TO DO: The lines to extract run from the first line of the entries through the line that contains "apply s_Rimp, (s_Lor [])."; reproduce exactly those lines and no others.

★ ★ ★ ★ ★ ★ ★

Lemma stl_contract D G A : incl D G -> stl R (D ++ G) A -> stl R G A.
Proof.
  revert G; induction D as [|B D IH]; intros G Hi H; [exact H|].
  apply incl_cons_inv in Hi as [HB Hi].
  apply IH; [exact Hi|].
  destruct (in_split _ _ HB) as [G1 [G2 ->]].
  rewrite app_assoc. apply s_contr.
  apply (stl_perm (B :: D ++ G1 ++ B :: G2)); [|exact H].
  rewrite app_assoc. apply Permutation_middle.
Qed.

Lemma stl_incl G G' A : incl G G' -> stl R G A -> stl R G' A.
Proof. intros Hi H. apply (stl_contract G); [exact Hi|]. apply stl_weaken_r. exact H. Qed.

Lemma stl_ax G A : In A G -> stl R G A.
Proof. intros H. apply (stl_incl [A]); [intros x [<-|[]]; exact H| apply s_id]. Qed.

Lemma stl_subst D G A :
  stl R D A -> (forall B, In B D -> stl R G B) -> stl R G A.
Proof.
  intros H HD. apply (stl_weaken_r _ G) in H. revert A H.
  induction D as [|B D IH]; intros A H; [exact H|].
  apply IH; [intros C HC; apply HD; right; exact HC|].
  apply (stl_contract G); [apply incl_appr, incl_refl|].
  exact (s_cut [] (D ++ G) (HD B (in_eq _ _)) H).
Qed.

Lemma stl_cut1 G A B : stl R G A -> stl R [A] B -> stl R G B.
Proof. intros HA H. apply (stl_subst [A]); [exact H| intros C [<-|[]]; exact HA]. Qed.

Lemma stl_cut2 G A B C : stl R G A -> stl R G B -> stl R [A; B] C -> stl R G C.
Proof.
  intros HA HB H. apply (stl_subst [A; B]); [exact H| intros D [<-|[<-|[]]]; assumption].
Qed.

Lemma stl_imp_elim A B : stl R [A; Nab (Imp A B)] B.
Proof. exact (s_Limp [] [] B (s_id R A) (s_id R B)). Qed.

Lemma stl_imp_and A B C : stl R [Imp A B; Imp A C] (Imp A (And B C)).
Proof.
  apply s_Rimp, s_Rand.
  - apply (stl_incl [A; Nab (Imp A B)]); [intros x [<-|[<-|[]]]; simpl; auto| apply stl_imp_elim].
  - apply (stl_incl [A; Nab (Imp A C)]); [intros x [<-|[<-|[]]]; simpl; auto| apply stl_imp_elim].
Qed.

Lemma stl_imp_or A B C : stl R [Imp A C; Imp B C] (Imp (Or A B) C).
Proof.
  apply s_Rimp, (s_Lor []).
  - apply (stl_incl [A; Nab (Imp A C)]); [intros x [<-|[<-|[]]]; simpl; auto| apply stl_imp_elim].
  - apply (stl_incl [B; Nab (Imp B C)]); [intros x [<-|[<-|[]]]; simpl; auto| apply stl_imp_elim].
Qed.

Lemma stl_imp_trans A B C : stl R [Imp A B; Imp B C] (Imp A C).
Proof. apply s_Rimp. exact (s_Limp [] [] C (stl_imp_elim A B) (s_id R C)). Qed.

Lemma stl_nabs : hasP R = true -> forall G A, stl R G A -> stl R (nabs G) A.
Proof.
  intros HP G A H. apply (stl_subst G); [exact H|].
  intros B HB. apply (stl_incl [Nab B]).
  - intros x [<-|[]]. apply in_map. exact HB.
  - apply s_P; [exact HP| apply s_id].
Qed.

Lemma stl_E : haswF R = true -> stl R [Imp Top Bot] Bot.
Proof. intros HW. apply s_wF; [exact HW|]. exact (s_Limp [] [] Bot (s_top R []) (s_bot R [] [] Bot)). Qed.

Lemma stl_MP : hasF R = true -> forall A B, stl R [A; Imp A B] B.
Proof. intros HF A B. exact (s_cut [A] [] (s_F HF (s_id R _)) (stl_imp_elim A B)). Qed.

End SequentCalculus.

Section TranslationSoundness.
Variables (L : ndlogic) (R : schemes).
Hypotheses (HE : ruleE L = true -> haswF R = true) (HM : ruleMP L = true -> hasF R = true)
  (HC : ruleCur L = true -> hasP R = true).

Lemma stl_of_nd G A : nd L G A -> stl R (map emb G) (emb A).
Proof.
  induction 1; simpl in *.
  - apply stl_ax, in_map, H.
  - apply s_top.
  - apply (stl_cut1 _ _ _ _ IHnd), (s_bot R [] []).
  - apply (stl_subst _ _ _ _ (s_Lor [] _ _ _ IHnd2 IHnd3)).
    intros D [<-|HD]; [exact IHnd1| apply stl_ax, HD].
  - apply s_Ror0, IHnd.
  - apply s_Ror1, IHnd.
  - apply (stl_cut1 _ _ _ _ IHnd), (s_Land0 [] _ _ []), s_id.
  - apply (stl_cut1 _ _ _ _ IHnd), (s_Land1 [] _ _ []), s_id.
  - apply s_Rand; assumption.
  - apply s_Rimp, (stl_incl _ [emb A]); [intros x [<-|[]]; left; reflexivity| exact IHnd].
  - apply (stl_cut2 _ _ _ _ _ IHnd1 IHnd2), stl_imp_and.
  - apply (stl_cut2 _ _ _ _ _ IHnd1 IHnd2), stl_imp_or.
  - apply (stl_cut2 _ _ _ _ _ IHnd1 IHnd2), stl_imp_trans.
  - apply (stl_cut1 _ _ _ _ IHnd), stl_E, HE, H.
  - apply (stl_cut2 _ _ _ _ _ IHnd1 IHnd2), stl_MP, HM, H.
  - apply s_Rimp, (stl_incl _ (nabs (map emb G))); [intros x Hx; right; exact Hx|].
    apply stl_nabs; [apply HC, H| exact IHnd].
Qed.

End TranslationSoundness.

Section LocaleFacts.
Variable X : locale.

Lemma le_meet_l (a b : X) : le X (meet X a b) a.
Proof. exact (proj1 (proj1 (meet_glb X a b _) (le_refl X _))). Qed.

Lemma le_meet_r (a b : X) : le X (meet X a b) b.
Proof. exact (proj2 (proj1 (meet_glb X a b _) (le_refl X _))). Qed.

Lemma le_meet (a b c : X) : le X c a -> le X c b -> le X c (meet X a b).
Proof. intros Ha Hb. apply meet_glb. split; assumption. Qed.

Lemma le_sup (S : X -> Prop) s : S s -> le X s (sup X S).
Proof. intros H. exact (proj1 (sup_lub X S _) (le_refl X _) s H). Qed.

Lemma sup_le (S : X -> Prop) c : (forall s, S s -> le X s c) -> le X (sup X S) c.
Proof. apply sup_lub. Qed.

Lemma le_ltop (a : X) : le X a (ltop X).
Proof. apply le_sup. exact I. Qed.

Lemma lbot_le (a : X) : le X (lbot X) a.
Proof. apply sup_le. intros s []. Qed.

Lemma le_join_l (a b : X) : le X a (ljoin X a b).
Proof. apply le_sup. left; reflexivity. Qed.

Lemma le_join_r (a b : X) : le X b (ljoin X a b).
Proof. apply le_sup. right; reflexivity. Qed.

Lemma join_le (a b c : X) : le X a c -> le X b c -> le X (ljoin X a b) c.
Proof. intros Ha Hb. apply sup_le. intros s [-> | ->]; assumption. Qed.

Lemma le_join_split (z a b c : X) :
  le X z (ljoin X a b) -> le X (meet X z a) c -> le X (meet X z b) c -> le X z c.
Proof.
  intros H Ha Hb. apply (le_trans X _ (meet X z (ljoin X a b))); [apply le_meet; [apply le_refl| exact H]|].
  unfold ljoin at 1. rewrite meet_sup_distr. apply sup_le.
  intros s [s' [[-> | ->] ->]]; assumption.
Qed.

End LocaleFacts.

Section SpacetimeFacts.
Variable X : spacetime.

Lemma nab_mono (a b : X) : le X a b -> le X (nab X a) (nab X b).
Proof.
  intros H.
  replace b with (ljoin X a b) by (apply le_antisym; [apply join_le, le_refl| apply le_join_r]; exact H).
  unfold ljoin. rewrite nab_join. apply le_sup. exists a. split; [left|]; reflexivity.
Qed.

★ ★ ★ ★ ★ ★ ★

EXPECTED OUTPUT:
Lemma stl_contract D G A : incl D G -> stl R (D ++ G) A -> stl R G A.
Proof.
  revert G; induction D as [|B D IH]; intros G Hi H; [exact H|].
  apply incl_cons_inv in Hi as [HB Hi].
  apply IH; [exact Hi|].
  destruct (in_split _ _ HB) as [G1 [G2 ->]].
  rewrite app_assoc. apply s_contr.
  apply (stl_perm (B :: D ++ G1 ++ B :: G2)); [|exact H].
  rewrite app_assoc. apply Permutation_middle.
Qed.

Lemma stl_incl G G' A : incl G G' -> stl R G A -> stl R G' A.
Proof. intros Hi H. apply (stl_contract G); [exact Hi|]. apply stl_weaken_r. exact H. Qed.

Lemma stl_ax G A : In A G -> stl R G A.
Proof. intros H. apply (stl_incl [A]); [intros x [<-|[]]; exact H| apply s_id]. Qed.

Lemma stl_subst D G A :
  stl R D A -> (forall B, In B D -> stl R G B) -> stl R G A.
Proof.
  intros H HD. apply (stl_weaken_r _ G) in H. revert A H.
  induction D as [|B D IH]; intros A H; [exact H|].
  apply IH; [intros C HC; apply HD; right; exact HC|].
  apply (stl_contract G); [apply incl_appr, incl_refl|].
  exact (s_cut [] (D ++ G) (HD B (in_eq _ _)) H).
Qed.

Lemma stl_cut1 G A B : stl R G A -> stl R [A] B -> stl R G B.
Proof. intros HA H. apply (stl_subst [A]); [exact H| intros C [<-|[]]; exact HA]. Qed.

Lemma stl_cut2 G A B C : stl R G A -> stl R G B -> stl R [A; B] C -> stl R G C.
Proof.
  intros HA HB H. apply (stl_subst [A; B]); [exact H| intros D [<-|[<-|[]]]; assumption].
Qed.

Lemma stl_imp_elim A B : stl R [A; Nab (Imp A B)] B.
Proof. exact (s_Limp [] [] B (s_id R A) (s_id R B)). Qed.

Lemma stl_imp_and A B C : stl R [Imp A B; Imp A C] (Imp A (And B C)).
Proof.
  apply s_Rimp, s_Rand.
  - apply (stl_incl [A; Nab (Imp A B)]); [intros x [<-|[<-|[]]]; simpl; auto| apply stl_imp_elim].
  - apply (stl_incl [A; Nab (Imp A C)]); [intros x [<-|[<-|[]]]; simpl; auto| apply stl_imp_elim].
Qed.

Lemma stl_imp_or A B C : stl R [Imp A C; Imp B C] (Imp (Or A B) C).
Proof.
  apply s_Rimp, (s_Lor []).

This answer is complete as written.